Exercise ▸ Of all the entries below, only the lines from the one with "forall alpha beta" up to and including the one with "tau <= lambda -> upsilon <= lambda ->" are to be duplicated exactly.

Data extract ▸
----
(* The superlevel set of [star f g] above [u] lies in [{a' < f} `|` {b' < g}], a
   union that comonotonicity collapses to one of its two members. *)
Lemma measure_star_superlevel_le {a b u c : R} : 0 <= a <= 1 -> 0 <= b <= 1 ->
  star a b < u -> 0 <= c ->
  (forall a', a < a' <= 1 -> (m [set x | (a' < f x)%R] <= c%:E)%E) ->
  (forall b', b < b' <= 1 -> (m [set x | (b' < g x)%R] <= c%:E)%E) ->
  (m [set x | (u%:E <= (star (f x) (g x))%:E)%E] <= c%:E)%E.
Proof.
move=> a01 b01 ab_u c0 f_le g_le.
have [q [q' [/andP[aq q1] /andP[bq' q'1] a_q b_q' qq'_u]]] :=
  star_lt_rat_above star_cont a01 b01 ab_u.
have approx_le phi (r r' : R) :
    (forall x, phi x <= 1) -> r < r' \/ r' = 1 -> r' <= 1 ->
    (forall r'', r < r'' <= 1 -> (m [set x | (r'' < phi x)%R] <= c%:E)%E) ->
    (m [set x | (r' < phi x)%R] <= c%:E)%E.
  move=> phi1 [rr' r'1 phi_le | -> _ _]; first by rewrite phi_le ?rr'.
  rewrite (_ : [set x | _] = set0) ?m0 ?lee_fin //.
  by apply/seteqP; split => x //=; rewrite ltNge phi1.
have /approx_le /(_ a_q q1 f_le) F_le : forall x, f x <= 1.
  by move=> x; case/andP: (f01 x).
have /approx_le /(_ b_q' q'1 g_le) G_le : forall x, g x <= 1.
  by move=> x; case/andP: (g01 x).
have q01 : 0 <= @ratr R q <= 1 by rewrite q1 (le_trans _ aq) //; case/andP: a01.
have q'01 : 0 <= @ratr R q' <= 1 by rewrite q'1 (le_trans _ bq') //; case/andP: b01.
have sub_FG : [set x | (u%:E <= (star (f x) (g x))%:E)%E] `<=`
              [set x | ratr q < f x] `|` [set x | ratr q' < g x].
  move=> x /=; rewrite lee_fin => u_le.
  have [fx|fx] := ltP (ratr q) (f x); first by left.
  have [gx|gx] := ltP (ratr q') (g x); first by right.
  have := star_mono _ _ _ _ (f01 x) q01 (g01 x) q'01 fx gx.
  by move=> /le_lt_trans /(_ qq'_u); rewrite ltNge u_le.
have mlevel : measurable [set x | (u%:E <= (star (f x) (g x))%:E)%E].
  exact: measurable_superlevel.
have [FG|GF] := comonotone_strict_superlevel_nested cfg (ratr q) (ratr q').
- apply: le_trans G_le; apply: m_le => //; first exact: measurable_strict_superlevel.
  by move=> x /sub_FG[/FG|].
- apply: le_trans F_le; apply: m_le => //; first exact: measurable_strict_superlevel.
  by move=> x /sub_FG[|/GF].
Qed.

Lemma sugeno_star_powR_le (al la a b : R) : 0 < al -> 0 < la -> 1 <= al * la ->
  0 <= a <= 1 -> 0 <= b <= 1 ->
  (forall a', a < a' <= 1 ->
     (m [set x | (a' < f x)%R] <= ((star a b) `^ la^-1)%:E)%E) ->
  (forall b', b < b' <= 1 ->
     (m [set x | (b' < g x)%R] <= ((star a b) `^ la^-1)%:E)%E) ->
  (sugeno m (fun x => (star (f x) (g x) `^ al)%R) <= ((star a b) `^ la^-1)%:E)%E.
Proof.
move=> al0 la0 alla a01 b01 f_le g_le.
have /andP[w0 _] := star01 _ _ a01 b01.
set c := (star a b) `^ la^-1.
have c0 : 0 <= c := powR_ge0 _ _.
apply: sugeno_le_level => // [x | r /andP[cr r1]].
  by case/andP: (powR_itv01 (star01 _ _ (f01 x) (g01 x)) (ltW al0)).
pose u := r `^ al^-1.
have r0 : 0 <= r := le_trans c0 (ltW cr).
have w_lt_u : star a b < u.
  apply: (@lt_le_trans _ _ (r `^ la)).
    by rewrite -(powR_invK (star a b) la) //; apply: gt0_ltr_powR; rewrite ?nnegrE.
  apply: ger_powR_itv01; rewrite ?r0 ?invr_gt0 //.
  by rewrite -(ler_pM2l al0) mulfV ?gt_eqF.
apply: le_trans (measure_star_superlevel_le a01 b01 w_lt_u c0 f_le g_le).
apply: m_le.
- exact/measurable_superlevel/(measurableT_comp
    (measurable_realfun.measurable_powR al) mfg).
- exact: measurable_superlevel.
- move=> x /=; rewrite !lee_fin => r_le.
  have fg0 : 0 <= star (f x) (g x) by case/andP: (star01 _ _ (f01 x) (g01 x)).
  rewrite -(powRK (star (f x) (g x)) al) //.
  by apply: ge0_ler_powR; rewrite ?nnegrE ?invr_ge0 ?powR_ge0 ?(ltW al0).
Qed.

End SugenoStar.

Theorem corollary4p5 (d : measure_display) (T : measurableType d) (R : realType)
  (f g : T -> R)
  (mf : measurable_fun setT f) (mg : measurable_fun setT g)
  (f01 : forall x, 0 <= f x <= 1) (g01 : forall x, 0 <= g x <= 1)
  (cfg : comonotone f g)
  (star : R -> R -> R)
  (star01 : forall a b : R, 0 <= a <= 1 -> 0 <= b <= 1 -> 0 <= star a b <= 1)
  (star_cont : {within (@unit_int R) `*` (@unit_int R),
                 continuous (fun p : R * R => star p.1 p.2)})
  (star_mono : forall a a' b b' : R, 0 <= a <= 1 -> 0 <= a' <= 1 ->
       0 <= b <= 1 -> 0 <= b' <= 1 ->
       a <= a' -> b <= b' -> star a b <= star a' b')
  (star_max : forall a b : R, 0 <= a <= 1 -> 0 <= b <= 1 ->
       Num.max a b <= star a b) :
  forall (m : set T -> \bar R), monotone_measure m -> m setT = 1%E ->
  forall alpha beta gamma lambda upsilon tau : R,
    0 < alpha -> 0 < beta -> 0 < gamma -> 0 < lambda -> 0 < upsilon -> 0 < tau ->
    1 <= alpha * lambda -> beta * upsilon <= 1 -> gamma * tau <= 1 ->
    tau <= lambda -> upsilon <= lambda ->
    (fine (sugeno m (fun x => (star (f x) (g x)) `^ alpha))) `^ lambda
    <= star ((fine (sugeno m (fun x => f x `^ beta))) `^ upsilon)
            ((fine (sugeno m (fun x => g x `^ gamma))) `^ tau).
Proof.
move=> m [m0 _ _ m_le] _ al be ga la up ta al0 be0 ga0 la0 up0 ta0
  alla beup gata tala upla.
have [A HA A01] := sugeno_itv01 m0 (fun x => powR_itv01 (f01 x) (ltW be0)).
have [B HB B01] := sugeno_itv01 m0 (fun x => powR_itv01 (g01 x) (ltW ga0)).
have [C HC C01] :=
  sugeno_itv01 m0 (fun x => powR_itv01 (star01 _ _ (f01 x) (g01 x)) (ltW al0)).
rewrite HA HB HC /=.
set a := A `^ up; set b := B `^ ta.
have a01 : 0 <= a <= 1 by apply: powR_itv01 A01 (ltW up0).
have b01 : 0 <= b <= 1 by apply: powR_itv01 B01 (ltW ta0).
have /andP[w0 _] := star01 _ _ a01 b01.
have max_le := star_max _ _ a01 b01.
have a_le : a <= star a b by apply: le_trans max_le; rewrite le_max lexx.
have b_le : b <= star a b by apply: le_trans max_le; rewrite le_max lexx orbT.
have Ac : A <= star a b `^ la^-1 := le_powR_inv A01 up0 upla a_le.
have Bc : B <= star a b `^ la^-1 := le_powR_inv B01 ta0 tala b_le.
have Cc : C <= star a b `^ la^-1.
  rewrite -lee_fin -HC.
  apply: (sugeno_star_powR_le m0 m_le mf mg f01 g01 cfg star_cont star_mono star01)
    => // [a' /andP[aa' a'1] | b' /andP[bb' b'1]].
    apply: le_trans (measure_strict_superlevel_le_sugeno_powR
      m0 m_le mf f01 be0 up0 beup HA aa' a'1) _.
    by rewrite lee_fin.
  apply: le_trans (measure_strict_superlevel_le_sugeno_powR
    m0 m_le mg g01 ga0 ta0 gata HB bb' b'1) _.
  by rewrite lee_fin.
rewrite -(powR_invK (star a b) la) //.
by apply: ge0_ler_powR; rewrite ?nnegrE ?(ltW la0) ?powR_ge0 //; case/andP: C01.
Qed.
----
Completed task ▸
  forall alpha beta gamma lambda upsilon tau : R,
    0 < alpha -> 0 < beta -> 0 < gamma -> 0 < lambda -> 0 < upsilon -> 0 < tau ->
    1 <= alpha * lambda -> beta * upsilon <= 1 -> gamma * tau <= 1 ->
    tau <= lambda -> upsilon <= lambda ->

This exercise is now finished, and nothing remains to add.